We say that two cell structures $(X, \Phi)$ and $(X, \Phi')$ are strictly equivalent if there is a one-to-one correspondence between $\Phi$ and $\Phi'$ such that a characteristic function with domain $E_n$ corresponds to a characteristic function with domain $E_n$, and corresponding functions differ only by a reparametrization of their domain. That is, if $\phi$ and $\phi'$ are corresponding functions of $\Phi$ and $\Phi'$, respectively, then $\phi' = \phi \circ h$, where $h: (E_n, \dot{E}_n) \to (E_n, \dot{E}_n)$ is a homeomorphism of pairs. We leave it to the reader to check that this is an equivalence relation on the collection of cell structures on the set X.

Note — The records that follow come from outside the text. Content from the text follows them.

(* Let $\Gamma$ be a graph that is generically locally rigid in $\mathbb C^d$, let $\rho$ be a generic framework of $\Gamma$ in $\mathbb C^d$, and let $\sigma$ be any framework of $\Gamma$ in $\mathbb C^d$ equivalent to $\rho$. Then $\sigma$ is infinitesimally rigid (in particular, when $\Gamma$ has at least $d+2$ vertices, the points of $\sigma$ affinely span $\mathbb C^d$).
   Context: In $\mathbb C^d$ the squared length is $|w|^2=\sum_i w_i^2$ (no conjugation). A graph $\Gamma$ has $v$ vertices $\mathcal V$ and edges $\mathcal E$; a framework is a map $\mathcal V\to\mathbb C^d$. Frameworks $\rho,\sigma$ are equivalent if $|\rho(t)-\rho(u)|^2=|\sigma(t)-\sigma(u)|^2$ for all edges. The rigidity matrix of $\rho$ has one row per edge $\{t,u\}$, with entries $\rho(t)-\rho(u)$ in the $d$ columns of $t$, $\rho(u)-\rho(t)$ in the $d$ columns of $u$, and zeros elsewhere. $\rho$ is infinitesimally rigid if this matrix has rank $vd-\binom{d+1}{2}$ when $v\ge d+1$, and rank $\binom v2$ when $v\le d+1$. A framework is generic if its coordinates satisfy no nonzero polynomial equation with rational coefficients. $\Gamma$ is generically locally rigid in $\mathbb C^d$ if every generic framework of $\Gamma$ in $\mathbb C^d$ is infinitesimally rigid. *)

From HB Require Import structures.
From mathcomp Require Import all_boot all_order all_algebra.
Set Implicit Arguments. Unset Strict Implicit. Unset Printing Implicit Defensive.
Import Order.TTheory GRing.Theory Num.Theory.
Local Open Scope ring_scope.

(* Multivariate polynomials with rational coefficients in n variables,
   Q[x_0,...,x_{n-1}], built as iterated univariate polynomial rings. *)
Fixpoint mpoly (n : nat) : comNzRingType :=
  match n with
  | 0 => rat
  | n'.+1 => {poly mpoly n'}
  end.

(* Evaluation of p in Q[x_0..x_{n-1}] at a point x : 'I_n -> F
   (the outermost variable is x_{n-1}). *)
Fixpoint meval (F : fieldType) (n : nat) : mpoly n -> ('I_n -> F) -> F :=
  match n return mpoly n -> ('I_n -> F) -> F with
  | 0 => fun q _ => ratr q
  | n'.+1 => fun p x =>
      (map_poly (fun c : mpoly n' => meval c (fun i => x (widen_ord (leqnSn n') i))) p).[x ord_max]
  end.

If $(X, \Phi)$ is a cell structure, let $\mathcal{S}_\Phi$ consist of all pairs $(\sigma^n, [\phi])$, where $\sigma^n = \phi(E^n)$ and $[\phi]$ is the strict equivalence class of $\phi \in \Phi$. For convenience, we will denote such a pair by $\sigma^n$ or $\phi(E^n)$ with the class of $\phi$ understood. Note that if $(X, \Phi)$ and $(X, \Phi')$ are strictly equivalent cell structures, then $\mathcal{S}_\Phi = \mathcal{S}_{\Phi'}$.

Page 8:

A cell complex on a set $X$ or a cellular decomposition of a set $X$ is an equivalence class of cell structures $(X, \Phi)$ under the equivalence relation of strict equivalence.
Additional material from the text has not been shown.